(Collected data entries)
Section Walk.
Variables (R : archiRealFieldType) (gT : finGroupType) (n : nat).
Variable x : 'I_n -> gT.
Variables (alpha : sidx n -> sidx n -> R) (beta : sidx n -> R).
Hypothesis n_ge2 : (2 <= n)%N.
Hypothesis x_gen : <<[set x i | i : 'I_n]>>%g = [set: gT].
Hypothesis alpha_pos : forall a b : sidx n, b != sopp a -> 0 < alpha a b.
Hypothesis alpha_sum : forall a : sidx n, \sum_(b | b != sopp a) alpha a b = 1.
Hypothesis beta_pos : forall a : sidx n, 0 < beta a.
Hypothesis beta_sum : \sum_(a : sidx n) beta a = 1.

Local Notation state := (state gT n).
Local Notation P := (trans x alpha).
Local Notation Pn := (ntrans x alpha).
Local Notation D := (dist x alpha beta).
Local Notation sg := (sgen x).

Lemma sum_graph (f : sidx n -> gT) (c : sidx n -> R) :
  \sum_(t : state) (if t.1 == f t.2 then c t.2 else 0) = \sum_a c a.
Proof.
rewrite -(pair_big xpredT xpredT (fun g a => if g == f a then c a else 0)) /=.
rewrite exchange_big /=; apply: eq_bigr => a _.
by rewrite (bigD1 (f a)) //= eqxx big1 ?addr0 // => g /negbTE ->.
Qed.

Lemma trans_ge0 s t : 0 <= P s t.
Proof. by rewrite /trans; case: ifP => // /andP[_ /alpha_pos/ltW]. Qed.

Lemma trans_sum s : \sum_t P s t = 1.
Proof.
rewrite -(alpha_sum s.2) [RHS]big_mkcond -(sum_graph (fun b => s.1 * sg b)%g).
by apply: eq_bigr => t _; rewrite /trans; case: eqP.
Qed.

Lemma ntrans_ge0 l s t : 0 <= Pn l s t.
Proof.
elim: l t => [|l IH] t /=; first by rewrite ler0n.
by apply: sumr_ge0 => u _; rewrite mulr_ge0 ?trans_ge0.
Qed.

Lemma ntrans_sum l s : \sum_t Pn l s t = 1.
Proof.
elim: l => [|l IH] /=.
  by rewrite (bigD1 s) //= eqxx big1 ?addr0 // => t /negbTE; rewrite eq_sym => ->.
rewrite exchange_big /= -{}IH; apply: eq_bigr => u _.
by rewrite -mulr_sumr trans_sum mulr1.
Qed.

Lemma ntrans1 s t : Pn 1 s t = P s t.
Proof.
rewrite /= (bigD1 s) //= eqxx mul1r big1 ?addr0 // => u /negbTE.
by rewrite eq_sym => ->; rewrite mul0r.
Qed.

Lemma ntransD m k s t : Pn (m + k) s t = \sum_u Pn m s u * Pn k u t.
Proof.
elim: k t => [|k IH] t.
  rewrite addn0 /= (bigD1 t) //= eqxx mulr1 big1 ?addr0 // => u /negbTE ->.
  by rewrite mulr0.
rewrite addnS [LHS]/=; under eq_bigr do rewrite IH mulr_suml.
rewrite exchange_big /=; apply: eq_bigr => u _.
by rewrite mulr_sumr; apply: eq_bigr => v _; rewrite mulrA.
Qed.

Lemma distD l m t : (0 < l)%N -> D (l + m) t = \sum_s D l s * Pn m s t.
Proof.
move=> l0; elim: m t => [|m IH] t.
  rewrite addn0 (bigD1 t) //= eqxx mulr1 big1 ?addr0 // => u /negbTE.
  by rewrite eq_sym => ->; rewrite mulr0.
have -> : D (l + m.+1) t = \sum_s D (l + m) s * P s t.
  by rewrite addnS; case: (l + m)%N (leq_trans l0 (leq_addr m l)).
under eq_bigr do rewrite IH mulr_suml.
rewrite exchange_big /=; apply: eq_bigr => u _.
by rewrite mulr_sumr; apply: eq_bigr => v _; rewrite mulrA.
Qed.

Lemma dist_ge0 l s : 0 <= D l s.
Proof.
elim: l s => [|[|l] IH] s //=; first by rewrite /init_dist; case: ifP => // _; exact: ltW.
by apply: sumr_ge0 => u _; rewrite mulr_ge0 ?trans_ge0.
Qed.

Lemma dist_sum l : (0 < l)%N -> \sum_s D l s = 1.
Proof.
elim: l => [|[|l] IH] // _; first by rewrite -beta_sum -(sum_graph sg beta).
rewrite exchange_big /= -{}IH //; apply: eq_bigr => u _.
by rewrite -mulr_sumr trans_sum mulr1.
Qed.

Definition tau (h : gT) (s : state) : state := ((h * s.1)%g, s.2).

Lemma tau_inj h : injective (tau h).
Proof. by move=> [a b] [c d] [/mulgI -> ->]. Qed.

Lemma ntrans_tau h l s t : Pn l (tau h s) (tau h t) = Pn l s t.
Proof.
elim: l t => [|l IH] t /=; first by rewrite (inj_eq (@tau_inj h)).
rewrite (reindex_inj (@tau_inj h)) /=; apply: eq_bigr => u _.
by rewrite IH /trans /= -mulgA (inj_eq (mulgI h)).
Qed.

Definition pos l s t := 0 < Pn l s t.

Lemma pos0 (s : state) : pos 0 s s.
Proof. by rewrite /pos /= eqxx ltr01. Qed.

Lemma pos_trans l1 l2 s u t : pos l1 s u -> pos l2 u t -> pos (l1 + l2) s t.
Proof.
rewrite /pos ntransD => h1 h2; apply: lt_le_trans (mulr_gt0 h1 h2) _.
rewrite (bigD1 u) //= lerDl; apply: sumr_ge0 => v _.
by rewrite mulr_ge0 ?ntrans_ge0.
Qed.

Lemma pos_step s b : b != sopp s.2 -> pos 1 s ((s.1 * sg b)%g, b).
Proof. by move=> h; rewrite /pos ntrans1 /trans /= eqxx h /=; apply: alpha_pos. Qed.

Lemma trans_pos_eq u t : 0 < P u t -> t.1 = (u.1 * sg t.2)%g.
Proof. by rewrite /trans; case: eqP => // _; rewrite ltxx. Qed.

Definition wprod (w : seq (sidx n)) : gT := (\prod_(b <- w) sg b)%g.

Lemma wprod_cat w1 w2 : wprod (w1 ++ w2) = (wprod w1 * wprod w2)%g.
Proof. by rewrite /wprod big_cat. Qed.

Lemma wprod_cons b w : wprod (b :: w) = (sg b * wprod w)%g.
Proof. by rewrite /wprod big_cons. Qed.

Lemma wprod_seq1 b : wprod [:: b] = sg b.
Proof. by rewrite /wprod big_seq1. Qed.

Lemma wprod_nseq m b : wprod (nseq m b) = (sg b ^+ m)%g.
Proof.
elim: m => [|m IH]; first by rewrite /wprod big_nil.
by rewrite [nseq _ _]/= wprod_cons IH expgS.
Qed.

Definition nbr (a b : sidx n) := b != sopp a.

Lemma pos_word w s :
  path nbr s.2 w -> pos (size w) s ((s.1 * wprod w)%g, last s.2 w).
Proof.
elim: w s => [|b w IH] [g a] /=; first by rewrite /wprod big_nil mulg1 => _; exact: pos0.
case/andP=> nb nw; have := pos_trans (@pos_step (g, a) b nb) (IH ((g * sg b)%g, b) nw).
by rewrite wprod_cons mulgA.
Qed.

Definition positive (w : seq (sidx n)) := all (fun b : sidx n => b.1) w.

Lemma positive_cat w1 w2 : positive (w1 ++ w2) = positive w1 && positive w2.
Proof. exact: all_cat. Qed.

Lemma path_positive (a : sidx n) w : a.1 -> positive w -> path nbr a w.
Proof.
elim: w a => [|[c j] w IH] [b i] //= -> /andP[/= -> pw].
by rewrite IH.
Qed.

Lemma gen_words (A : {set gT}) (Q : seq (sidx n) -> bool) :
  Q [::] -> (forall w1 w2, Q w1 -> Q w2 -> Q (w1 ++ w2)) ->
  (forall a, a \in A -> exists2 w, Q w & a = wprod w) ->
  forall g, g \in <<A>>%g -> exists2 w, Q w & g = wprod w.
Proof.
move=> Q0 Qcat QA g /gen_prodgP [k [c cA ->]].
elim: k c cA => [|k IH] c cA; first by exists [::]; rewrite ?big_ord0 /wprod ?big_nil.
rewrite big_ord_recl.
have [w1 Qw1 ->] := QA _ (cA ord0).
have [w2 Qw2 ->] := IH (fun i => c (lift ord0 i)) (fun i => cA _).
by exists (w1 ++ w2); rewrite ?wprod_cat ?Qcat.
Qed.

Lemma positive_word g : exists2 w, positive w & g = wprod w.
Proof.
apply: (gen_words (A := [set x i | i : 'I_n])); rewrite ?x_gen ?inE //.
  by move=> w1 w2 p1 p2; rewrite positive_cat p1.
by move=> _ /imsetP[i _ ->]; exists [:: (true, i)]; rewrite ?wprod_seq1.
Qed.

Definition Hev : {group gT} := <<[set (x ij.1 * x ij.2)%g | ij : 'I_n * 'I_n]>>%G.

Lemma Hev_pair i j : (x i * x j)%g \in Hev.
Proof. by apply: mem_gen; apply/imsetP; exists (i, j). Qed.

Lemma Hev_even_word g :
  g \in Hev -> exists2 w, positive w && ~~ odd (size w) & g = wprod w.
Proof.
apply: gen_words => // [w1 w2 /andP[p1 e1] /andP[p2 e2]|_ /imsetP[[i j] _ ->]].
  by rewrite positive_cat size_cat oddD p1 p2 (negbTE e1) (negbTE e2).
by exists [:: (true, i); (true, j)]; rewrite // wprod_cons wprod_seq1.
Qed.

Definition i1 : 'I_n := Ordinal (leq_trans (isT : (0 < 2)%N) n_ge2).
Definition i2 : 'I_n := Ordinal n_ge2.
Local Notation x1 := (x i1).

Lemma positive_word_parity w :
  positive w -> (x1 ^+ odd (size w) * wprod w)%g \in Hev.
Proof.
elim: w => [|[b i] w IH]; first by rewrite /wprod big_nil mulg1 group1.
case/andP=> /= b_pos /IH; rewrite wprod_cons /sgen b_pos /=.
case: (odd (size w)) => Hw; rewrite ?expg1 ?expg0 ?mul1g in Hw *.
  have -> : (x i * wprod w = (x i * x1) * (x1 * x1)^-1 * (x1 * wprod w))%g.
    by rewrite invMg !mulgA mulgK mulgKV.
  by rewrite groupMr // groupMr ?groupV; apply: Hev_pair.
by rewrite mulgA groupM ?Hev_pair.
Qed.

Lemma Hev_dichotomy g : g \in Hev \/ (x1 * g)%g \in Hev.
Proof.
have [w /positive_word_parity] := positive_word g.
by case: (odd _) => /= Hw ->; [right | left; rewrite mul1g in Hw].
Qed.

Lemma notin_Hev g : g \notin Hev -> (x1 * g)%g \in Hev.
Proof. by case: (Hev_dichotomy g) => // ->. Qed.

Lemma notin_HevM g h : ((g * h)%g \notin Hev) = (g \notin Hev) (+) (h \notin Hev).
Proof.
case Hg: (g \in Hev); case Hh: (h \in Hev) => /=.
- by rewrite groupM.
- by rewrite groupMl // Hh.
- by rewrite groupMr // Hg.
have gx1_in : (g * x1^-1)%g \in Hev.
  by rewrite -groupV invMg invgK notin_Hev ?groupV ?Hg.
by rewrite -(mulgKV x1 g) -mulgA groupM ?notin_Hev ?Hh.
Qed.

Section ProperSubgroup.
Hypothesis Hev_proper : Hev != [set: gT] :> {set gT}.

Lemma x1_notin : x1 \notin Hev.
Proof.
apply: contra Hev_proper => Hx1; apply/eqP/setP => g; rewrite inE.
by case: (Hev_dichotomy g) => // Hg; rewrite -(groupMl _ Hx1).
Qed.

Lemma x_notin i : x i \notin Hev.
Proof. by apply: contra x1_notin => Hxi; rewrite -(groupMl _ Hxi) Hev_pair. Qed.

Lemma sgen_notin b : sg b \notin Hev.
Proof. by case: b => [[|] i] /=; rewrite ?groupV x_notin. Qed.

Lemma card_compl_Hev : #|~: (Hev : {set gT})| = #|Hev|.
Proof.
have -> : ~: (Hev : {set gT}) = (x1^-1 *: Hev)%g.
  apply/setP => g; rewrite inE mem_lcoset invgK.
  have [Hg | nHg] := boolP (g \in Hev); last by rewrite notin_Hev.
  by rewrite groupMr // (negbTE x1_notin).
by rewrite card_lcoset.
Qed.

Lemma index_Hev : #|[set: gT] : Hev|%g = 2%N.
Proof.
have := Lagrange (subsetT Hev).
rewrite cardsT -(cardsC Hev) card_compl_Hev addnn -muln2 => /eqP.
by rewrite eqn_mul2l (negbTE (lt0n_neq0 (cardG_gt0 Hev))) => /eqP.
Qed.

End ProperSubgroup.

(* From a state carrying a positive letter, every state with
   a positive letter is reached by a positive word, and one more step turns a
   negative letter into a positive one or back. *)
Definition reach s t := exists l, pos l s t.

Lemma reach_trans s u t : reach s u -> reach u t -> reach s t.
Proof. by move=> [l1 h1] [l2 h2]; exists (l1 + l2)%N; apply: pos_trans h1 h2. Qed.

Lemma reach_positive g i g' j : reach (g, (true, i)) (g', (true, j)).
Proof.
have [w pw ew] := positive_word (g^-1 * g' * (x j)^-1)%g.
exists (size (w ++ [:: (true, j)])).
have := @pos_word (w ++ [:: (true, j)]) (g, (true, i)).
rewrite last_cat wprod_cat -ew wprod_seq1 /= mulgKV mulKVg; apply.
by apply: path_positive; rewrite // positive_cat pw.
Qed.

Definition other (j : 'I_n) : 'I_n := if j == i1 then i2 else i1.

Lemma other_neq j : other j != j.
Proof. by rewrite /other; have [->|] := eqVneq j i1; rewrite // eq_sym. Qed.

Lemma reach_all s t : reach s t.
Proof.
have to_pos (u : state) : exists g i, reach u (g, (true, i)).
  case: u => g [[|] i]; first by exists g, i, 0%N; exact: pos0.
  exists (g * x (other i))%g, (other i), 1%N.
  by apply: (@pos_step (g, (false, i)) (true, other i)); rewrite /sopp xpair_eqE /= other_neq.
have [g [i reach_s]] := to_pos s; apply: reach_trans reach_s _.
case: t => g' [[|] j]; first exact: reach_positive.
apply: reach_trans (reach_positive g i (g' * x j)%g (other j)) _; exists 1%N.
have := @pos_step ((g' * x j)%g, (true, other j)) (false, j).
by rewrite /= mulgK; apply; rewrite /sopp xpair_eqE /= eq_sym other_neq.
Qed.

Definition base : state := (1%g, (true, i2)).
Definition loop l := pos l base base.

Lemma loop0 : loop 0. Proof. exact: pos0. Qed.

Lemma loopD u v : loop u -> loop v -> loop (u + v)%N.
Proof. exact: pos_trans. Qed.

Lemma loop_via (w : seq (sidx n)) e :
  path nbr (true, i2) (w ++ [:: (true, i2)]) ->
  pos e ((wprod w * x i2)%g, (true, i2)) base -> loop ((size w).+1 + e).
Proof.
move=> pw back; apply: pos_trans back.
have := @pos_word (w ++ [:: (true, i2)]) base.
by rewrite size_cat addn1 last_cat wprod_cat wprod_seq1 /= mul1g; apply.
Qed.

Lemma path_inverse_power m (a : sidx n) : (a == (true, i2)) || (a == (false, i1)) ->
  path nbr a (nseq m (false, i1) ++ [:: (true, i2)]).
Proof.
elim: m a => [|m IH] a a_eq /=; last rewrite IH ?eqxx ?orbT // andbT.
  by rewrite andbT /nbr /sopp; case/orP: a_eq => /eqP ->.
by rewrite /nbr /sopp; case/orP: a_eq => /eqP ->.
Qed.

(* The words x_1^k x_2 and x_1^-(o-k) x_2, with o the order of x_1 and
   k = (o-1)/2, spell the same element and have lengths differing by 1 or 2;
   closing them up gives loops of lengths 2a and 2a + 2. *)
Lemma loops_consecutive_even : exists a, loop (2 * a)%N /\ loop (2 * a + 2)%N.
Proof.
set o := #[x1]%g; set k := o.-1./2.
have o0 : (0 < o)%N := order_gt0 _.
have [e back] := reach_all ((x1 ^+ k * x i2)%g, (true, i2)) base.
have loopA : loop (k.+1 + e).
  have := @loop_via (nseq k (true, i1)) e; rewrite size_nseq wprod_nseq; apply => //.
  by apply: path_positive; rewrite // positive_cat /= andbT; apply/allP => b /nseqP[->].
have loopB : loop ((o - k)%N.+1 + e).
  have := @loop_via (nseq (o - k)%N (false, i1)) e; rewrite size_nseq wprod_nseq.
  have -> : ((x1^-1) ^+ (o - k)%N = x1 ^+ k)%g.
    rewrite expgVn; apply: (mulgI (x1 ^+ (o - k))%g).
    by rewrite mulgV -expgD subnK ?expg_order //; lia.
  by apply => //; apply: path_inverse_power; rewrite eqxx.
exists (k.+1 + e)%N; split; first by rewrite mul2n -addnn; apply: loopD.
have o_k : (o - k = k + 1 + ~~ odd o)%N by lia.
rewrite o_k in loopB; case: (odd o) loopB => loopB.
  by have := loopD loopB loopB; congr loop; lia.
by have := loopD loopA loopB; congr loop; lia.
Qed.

---

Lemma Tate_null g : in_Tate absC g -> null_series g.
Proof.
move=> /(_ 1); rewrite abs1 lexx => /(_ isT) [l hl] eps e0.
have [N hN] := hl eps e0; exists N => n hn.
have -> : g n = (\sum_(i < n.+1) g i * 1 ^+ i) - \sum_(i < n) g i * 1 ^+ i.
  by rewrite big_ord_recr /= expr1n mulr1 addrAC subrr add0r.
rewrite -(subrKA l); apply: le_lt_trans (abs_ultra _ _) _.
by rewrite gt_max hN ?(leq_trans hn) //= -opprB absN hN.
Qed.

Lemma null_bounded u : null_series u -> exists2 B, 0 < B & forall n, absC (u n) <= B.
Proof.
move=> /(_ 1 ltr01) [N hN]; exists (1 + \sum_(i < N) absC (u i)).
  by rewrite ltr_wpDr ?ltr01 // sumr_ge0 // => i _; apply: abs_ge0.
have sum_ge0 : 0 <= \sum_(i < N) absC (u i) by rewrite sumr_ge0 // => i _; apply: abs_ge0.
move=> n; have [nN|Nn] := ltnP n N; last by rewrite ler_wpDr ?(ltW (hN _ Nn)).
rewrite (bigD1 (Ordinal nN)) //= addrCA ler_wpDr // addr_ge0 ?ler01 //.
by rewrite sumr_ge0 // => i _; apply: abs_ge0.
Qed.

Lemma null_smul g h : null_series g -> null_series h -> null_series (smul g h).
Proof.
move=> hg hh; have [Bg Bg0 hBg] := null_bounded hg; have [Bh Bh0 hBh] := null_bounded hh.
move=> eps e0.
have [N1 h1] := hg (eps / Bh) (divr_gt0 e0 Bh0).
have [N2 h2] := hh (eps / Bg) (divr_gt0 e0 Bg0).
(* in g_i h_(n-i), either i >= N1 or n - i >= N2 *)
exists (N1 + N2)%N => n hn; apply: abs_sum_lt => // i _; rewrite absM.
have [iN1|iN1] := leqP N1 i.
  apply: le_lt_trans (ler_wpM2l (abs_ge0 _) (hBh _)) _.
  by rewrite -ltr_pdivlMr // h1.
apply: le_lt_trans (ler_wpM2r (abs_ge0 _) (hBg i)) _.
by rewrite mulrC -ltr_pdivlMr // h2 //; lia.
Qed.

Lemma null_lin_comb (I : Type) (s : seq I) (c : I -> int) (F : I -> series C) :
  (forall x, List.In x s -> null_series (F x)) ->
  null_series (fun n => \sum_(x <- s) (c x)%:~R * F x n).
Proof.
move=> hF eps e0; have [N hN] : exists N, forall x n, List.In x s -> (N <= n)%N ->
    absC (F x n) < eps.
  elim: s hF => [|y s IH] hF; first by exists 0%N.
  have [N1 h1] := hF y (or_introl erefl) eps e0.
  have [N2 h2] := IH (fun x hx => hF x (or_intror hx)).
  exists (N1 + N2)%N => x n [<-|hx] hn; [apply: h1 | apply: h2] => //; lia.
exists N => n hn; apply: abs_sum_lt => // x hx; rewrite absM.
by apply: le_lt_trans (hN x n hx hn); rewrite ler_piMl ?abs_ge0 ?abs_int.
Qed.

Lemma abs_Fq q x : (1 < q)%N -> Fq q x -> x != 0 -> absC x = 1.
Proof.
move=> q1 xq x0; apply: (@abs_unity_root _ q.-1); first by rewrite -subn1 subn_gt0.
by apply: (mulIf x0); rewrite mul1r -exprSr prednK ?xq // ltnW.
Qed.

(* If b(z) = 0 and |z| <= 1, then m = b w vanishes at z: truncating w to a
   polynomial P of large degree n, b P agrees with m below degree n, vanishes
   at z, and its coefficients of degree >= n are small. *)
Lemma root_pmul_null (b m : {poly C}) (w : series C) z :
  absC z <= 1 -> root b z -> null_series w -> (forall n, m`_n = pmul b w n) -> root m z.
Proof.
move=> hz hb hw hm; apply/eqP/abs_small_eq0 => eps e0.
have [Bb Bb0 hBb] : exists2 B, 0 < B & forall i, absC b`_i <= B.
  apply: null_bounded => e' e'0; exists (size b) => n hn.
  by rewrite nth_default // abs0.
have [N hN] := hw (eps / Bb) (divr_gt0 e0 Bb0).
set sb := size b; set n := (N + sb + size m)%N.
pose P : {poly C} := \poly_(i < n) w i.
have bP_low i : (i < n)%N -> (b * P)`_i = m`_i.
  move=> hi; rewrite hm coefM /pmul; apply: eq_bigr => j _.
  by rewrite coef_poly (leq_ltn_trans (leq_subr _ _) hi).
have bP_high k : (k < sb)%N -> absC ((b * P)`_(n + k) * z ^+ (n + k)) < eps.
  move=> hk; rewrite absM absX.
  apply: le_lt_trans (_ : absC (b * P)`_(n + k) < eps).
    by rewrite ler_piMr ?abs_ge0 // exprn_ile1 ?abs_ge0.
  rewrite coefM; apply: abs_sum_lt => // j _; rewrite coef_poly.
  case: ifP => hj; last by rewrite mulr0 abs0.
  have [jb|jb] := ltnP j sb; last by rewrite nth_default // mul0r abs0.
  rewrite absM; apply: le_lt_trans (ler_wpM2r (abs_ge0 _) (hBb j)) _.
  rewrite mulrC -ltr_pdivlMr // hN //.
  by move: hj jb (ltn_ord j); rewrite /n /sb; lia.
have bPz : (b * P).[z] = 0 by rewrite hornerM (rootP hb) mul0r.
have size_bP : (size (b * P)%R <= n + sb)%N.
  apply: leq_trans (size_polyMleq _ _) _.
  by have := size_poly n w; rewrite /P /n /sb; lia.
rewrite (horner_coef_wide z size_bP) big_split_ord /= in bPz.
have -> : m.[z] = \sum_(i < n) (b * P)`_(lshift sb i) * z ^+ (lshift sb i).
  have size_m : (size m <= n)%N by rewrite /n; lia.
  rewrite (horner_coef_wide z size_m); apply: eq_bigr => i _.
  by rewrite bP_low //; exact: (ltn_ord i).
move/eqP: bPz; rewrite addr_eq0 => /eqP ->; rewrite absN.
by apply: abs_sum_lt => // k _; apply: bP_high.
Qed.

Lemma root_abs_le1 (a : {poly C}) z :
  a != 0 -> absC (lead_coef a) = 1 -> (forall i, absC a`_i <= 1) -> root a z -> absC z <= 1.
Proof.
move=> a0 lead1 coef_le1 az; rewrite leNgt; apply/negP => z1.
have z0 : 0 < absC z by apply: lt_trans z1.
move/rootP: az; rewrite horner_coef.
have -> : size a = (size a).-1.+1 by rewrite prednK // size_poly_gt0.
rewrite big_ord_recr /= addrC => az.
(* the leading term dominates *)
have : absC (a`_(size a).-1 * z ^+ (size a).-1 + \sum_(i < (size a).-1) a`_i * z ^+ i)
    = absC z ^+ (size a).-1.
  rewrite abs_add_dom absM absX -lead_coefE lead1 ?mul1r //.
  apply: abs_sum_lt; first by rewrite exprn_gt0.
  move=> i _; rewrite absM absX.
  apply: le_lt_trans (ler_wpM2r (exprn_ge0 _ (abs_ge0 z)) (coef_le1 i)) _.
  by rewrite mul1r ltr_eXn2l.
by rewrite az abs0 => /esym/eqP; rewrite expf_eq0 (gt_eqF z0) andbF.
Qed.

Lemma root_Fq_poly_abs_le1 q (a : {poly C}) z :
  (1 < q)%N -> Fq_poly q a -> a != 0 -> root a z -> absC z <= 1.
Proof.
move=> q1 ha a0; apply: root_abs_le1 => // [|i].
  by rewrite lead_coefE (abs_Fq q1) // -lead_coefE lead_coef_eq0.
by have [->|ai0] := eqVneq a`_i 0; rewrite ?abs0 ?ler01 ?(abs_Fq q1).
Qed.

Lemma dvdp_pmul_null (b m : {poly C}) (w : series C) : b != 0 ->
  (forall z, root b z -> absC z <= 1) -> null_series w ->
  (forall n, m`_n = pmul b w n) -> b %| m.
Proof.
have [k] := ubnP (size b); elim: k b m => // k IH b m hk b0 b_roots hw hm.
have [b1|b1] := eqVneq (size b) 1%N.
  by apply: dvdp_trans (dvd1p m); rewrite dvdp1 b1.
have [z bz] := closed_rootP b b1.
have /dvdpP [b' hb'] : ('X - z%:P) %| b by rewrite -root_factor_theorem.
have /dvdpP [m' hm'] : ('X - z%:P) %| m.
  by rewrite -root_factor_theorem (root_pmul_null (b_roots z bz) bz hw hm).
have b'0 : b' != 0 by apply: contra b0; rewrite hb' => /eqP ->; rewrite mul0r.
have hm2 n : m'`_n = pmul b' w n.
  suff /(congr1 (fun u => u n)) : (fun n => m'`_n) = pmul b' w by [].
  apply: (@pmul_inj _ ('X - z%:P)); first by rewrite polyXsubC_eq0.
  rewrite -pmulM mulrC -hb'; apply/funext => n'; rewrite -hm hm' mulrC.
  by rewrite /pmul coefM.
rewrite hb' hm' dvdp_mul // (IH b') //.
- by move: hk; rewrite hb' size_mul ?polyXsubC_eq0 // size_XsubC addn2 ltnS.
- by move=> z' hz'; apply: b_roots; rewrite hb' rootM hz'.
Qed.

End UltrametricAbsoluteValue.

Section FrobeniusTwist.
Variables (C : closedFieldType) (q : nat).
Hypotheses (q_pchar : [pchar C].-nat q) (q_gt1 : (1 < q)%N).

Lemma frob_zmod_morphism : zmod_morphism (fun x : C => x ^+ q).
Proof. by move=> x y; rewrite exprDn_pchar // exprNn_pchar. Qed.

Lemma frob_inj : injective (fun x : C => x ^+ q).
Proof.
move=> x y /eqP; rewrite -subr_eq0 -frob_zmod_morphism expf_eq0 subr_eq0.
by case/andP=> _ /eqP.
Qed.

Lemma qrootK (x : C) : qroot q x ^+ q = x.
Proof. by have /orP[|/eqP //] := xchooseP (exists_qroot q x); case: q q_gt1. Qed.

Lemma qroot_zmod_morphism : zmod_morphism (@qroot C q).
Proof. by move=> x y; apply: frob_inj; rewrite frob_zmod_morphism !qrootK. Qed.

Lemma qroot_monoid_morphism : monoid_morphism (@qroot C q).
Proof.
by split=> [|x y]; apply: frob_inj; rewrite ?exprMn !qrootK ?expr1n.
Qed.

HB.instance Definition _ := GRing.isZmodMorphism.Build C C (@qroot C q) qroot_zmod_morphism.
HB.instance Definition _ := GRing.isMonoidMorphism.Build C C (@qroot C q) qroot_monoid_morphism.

> [Task description] From the data above, return every line from the line that has "Lemma reach_all s t : reach s t." up to and including the line that has "have [g [i reach_s]]", exactly.

> [Answer section]
Lemma reach_all s t : reach s t.
Proof.
have to_pos (u : state) : exists g i, reach u (g, (true, i)).
  case: u => g [[|] i]; first by exists g, i, 0%N; exact: pos0.
  exists (g * x (other i))%g, (other i), 1%N.
  by apply: (@pos_step (g, (false, i)) (true, other i)); rewrite /sopp xpair_eqE /= other_neq.
have [g [i reach_s]] := to_pos s; apply: reach_trans reach_s _.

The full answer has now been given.